Provided material:
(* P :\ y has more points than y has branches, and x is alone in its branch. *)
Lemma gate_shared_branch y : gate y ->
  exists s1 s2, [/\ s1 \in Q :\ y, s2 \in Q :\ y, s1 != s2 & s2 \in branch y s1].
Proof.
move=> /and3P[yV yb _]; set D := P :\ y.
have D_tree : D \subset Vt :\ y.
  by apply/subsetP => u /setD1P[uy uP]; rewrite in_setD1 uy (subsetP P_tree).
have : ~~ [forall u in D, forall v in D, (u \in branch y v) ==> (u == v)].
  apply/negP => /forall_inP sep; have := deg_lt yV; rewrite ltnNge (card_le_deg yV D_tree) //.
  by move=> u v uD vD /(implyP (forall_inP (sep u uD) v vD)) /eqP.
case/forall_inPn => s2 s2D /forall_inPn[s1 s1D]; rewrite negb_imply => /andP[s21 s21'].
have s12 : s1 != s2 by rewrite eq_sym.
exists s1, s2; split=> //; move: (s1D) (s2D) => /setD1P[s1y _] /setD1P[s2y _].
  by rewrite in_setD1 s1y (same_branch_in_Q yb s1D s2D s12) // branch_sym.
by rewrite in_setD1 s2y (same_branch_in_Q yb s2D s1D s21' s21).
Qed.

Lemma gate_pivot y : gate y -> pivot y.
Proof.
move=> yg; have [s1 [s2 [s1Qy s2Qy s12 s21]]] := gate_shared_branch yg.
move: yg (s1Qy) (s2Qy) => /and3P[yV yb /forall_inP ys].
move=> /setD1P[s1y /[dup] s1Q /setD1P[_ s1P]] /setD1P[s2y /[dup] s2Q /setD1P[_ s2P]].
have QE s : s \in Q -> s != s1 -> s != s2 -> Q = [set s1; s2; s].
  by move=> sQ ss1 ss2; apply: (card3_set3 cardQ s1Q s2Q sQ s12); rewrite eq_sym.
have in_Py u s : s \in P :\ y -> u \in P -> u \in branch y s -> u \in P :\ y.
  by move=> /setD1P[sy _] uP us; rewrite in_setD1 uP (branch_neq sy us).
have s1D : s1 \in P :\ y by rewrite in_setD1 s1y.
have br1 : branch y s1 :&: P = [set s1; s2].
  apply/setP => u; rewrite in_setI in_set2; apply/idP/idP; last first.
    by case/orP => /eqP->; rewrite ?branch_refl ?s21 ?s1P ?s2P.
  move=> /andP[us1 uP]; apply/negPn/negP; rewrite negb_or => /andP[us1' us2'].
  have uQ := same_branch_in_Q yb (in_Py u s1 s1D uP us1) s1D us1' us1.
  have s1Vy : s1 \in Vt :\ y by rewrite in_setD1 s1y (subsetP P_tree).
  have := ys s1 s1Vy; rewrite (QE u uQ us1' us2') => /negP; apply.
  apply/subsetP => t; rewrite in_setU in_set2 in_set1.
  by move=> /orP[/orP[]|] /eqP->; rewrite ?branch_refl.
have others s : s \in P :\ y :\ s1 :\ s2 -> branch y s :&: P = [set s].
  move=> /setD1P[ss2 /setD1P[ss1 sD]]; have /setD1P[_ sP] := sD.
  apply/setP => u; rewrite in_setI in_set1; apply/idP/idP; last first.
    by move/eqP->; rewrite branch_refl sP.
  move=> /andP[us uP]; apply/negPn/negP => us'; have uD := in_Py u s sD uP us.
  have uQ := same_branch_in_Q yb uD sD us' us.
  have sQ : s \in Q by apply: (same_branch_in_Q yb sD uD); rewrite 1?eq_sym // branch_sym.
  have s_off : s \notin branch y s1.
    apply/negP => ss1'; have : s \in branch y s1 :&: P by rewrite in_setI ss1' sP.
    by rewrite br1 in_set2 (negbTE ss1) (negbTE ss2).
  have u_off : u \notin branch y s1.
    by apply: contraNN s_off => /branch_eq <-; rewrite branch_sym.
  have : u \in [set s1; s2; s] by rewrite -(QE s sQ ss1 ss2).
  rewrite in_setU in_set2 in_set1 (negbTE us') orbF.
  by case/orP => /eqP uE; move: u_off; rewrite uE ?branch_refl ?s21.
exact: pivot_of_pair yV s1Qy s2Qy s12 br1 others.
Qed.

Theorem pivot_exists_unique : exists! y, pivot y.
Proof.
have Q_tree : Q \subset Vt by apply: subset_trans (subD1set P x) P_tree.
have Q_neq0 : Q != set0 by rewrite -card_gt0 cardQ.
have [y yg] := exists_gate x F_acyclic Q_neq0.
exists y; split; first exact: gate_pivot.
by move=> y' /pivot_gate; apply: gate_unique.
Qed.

What is required: All records above must be printed again, exactly.

Result of this task:
(* P :\ y has more points than y has branches, and x is alone in its branch. *)
Lemma gate_shared_branch y : gate y ->
  exists s1 s2, [/\ s1 \in Q :\ y, s2 \in Q :\ y, s1 != s2 & s2 \in branch y s1].
Proof.
move=> /and3P[yV yb _]; set D := P :\ y.
have D_tree : D \subset Vt :\ y.
  by apply/subsetP => u /setD1P[uy uP]; rewrite in_setD1 uy (subsetP P_tree).
have : ~~ [forall u in D, forall v in D, (u \in branch y v) ==> (u == v)].
  apply/negP => /forall_inP sep; have := deg_lt yV; rewrite ltnNge (card_le_deg yV D_tree) //.
  by move=> u v uD vD /(implyP (forall_inP (sep u uD) v vD)) /eqP.
case/forall_inPn => s2 s2D /forall_inPn[s1 s1D]; rewrite negb_imply => /andP[s21 s21'].
have s12 : s1 != s2 by rewrite eq_sym.
exists s1, s2; split=> //; move: (s1D) (s2D) => /setD1P[s1y _] /setD1P[s2y _].
  by rewrite in_setD1 s1y (same_branch_in_Q yb s1D s2D s12) // branch_sym.
by rewrite in_setD1 s2y (same_branch_in_Q yb s2D s1D s21' s21).
Qed.

Lemma gate_pivot y : gate y -> pivot y.
Proof.
move=> yg; have [s1 [s2 [s1Qy s2Qy s12 s21]]] := gate_shared_branch yg.
move: yg (s1Qy) (s2Qy) => /and3P[yV yb /forall_inP ys].
move=> /setD1P[s1y /[dup] s1Q /setD1P[_ s1P]] /setD1P[s2y /[dup] s2Q /setD1P[_ s2P]].
have QE s : s \in Q -> s != s1 -> s != s2 -> Q = [set s1; s2; s].
  by move=> sQ ss1 ss2; apply: (card3_set3 cardQ s1Q s2Q sQ s12); rewrite eq_sym.
have in_Py u s : s \in P :\ y -> u \in P -> u \in branch y s -> u \in P :\ y.
  by move=> /setD1P[sy _] uP us; rewrite in_setD1 uP (branch_neq sy us).
have s1D : s1 \in P :\ y by rewrite in_setD1 s1y.
have br1 : branch y s1 :&: P = [set s1; s2].
  apply/setP => u; rewrite in_setI in_set2; apply/idP/idP; last first.
    by case/orP => /eqP->; rewrite ?branch_refl ?s21 ?s1P ?s2P.
  move=> /andP[us1 uP]; apply/negPn/negP; rewrite negb_or => /andP[us1' us2'].
  have uQ := same_branch_in_Q yb (in_Py u s1 s1D uP us1) s1D us1' us1.
  have s1Vy : s1 \in Vt :\ y by rewrite in_setD1 s1y (subsetP P_tree).
  have := ys s1 s1Vy; rewrite (QE u uQ us1' us2') => /negP; apply.
  apply/subsetP => t; rewrite in_setU in_set2 in_set1.
  by move=> /orP[/orP[]|] /eqP->; rewrite ?branch_refl.
have others s : s \in P :\ y :\ s1 :\ s2 -> branch y s :&: P = [set s].
  move=> /setD1P[ss2 /setD1P[ss1 sD]]; have /setD1P[_ sP] := sD.
  apply/setP => u; rewrite in_setI in_set1; apply/idP/idP; last first.
    by move/eqP->; rewrite branch_refl sP.
  move=> /andP[us uP]; apply/negPn/negP => us'; have uD := in_Py u s sD uP us.
  have uQ := same_branch_in_Q yb uD sD us' us.
  have sQ : s \in Q by apply: (same_branch_in_Q yb sD uD); rewrite 1?eq_sym // branch_sym.
  have s_off : s \notin branch y s1.
    apply/negP => ss1'; have : s \in branch y s1 :&: P by rewrite in_setI ss1' sP.
    by rewrite br1 in_set2 (negbTE ss1) (negbTE ss2).
  have u_off : u \notin branch y s1.
    by apply: contraNN s_off => /branch_eq <-; rewrite branch_sym.
  have : u \in [set s1; s2; s] by rewrite -(QE s sQ ss1 ss2).
  rewrite in_setU in_set2 in_set1 (negbTE us') orbF.
  by case/orP => /eqP uE; move: u_off; rewrite uE ?branch_refl ?s21.
exact: pivot_of_pair yV s1Qy s2Qy s12 br1 others.
Qed.

Theorem pivot_exists_unique : exists! y, pivot y.
Proof.
have Q_tree : Q \subset Vt by apply: subset_trans (subD1set P x) P_tree.
have Q_neq0 : Q != set0 by rewrite -card_gt0 cardQ.
have [y yg] := exists_gate x F_acyclic Q_neq0.
exists y; split; first exact: gate_pivot.
by move=> y' /pivot_gate; apply: gate_unique.
Qed.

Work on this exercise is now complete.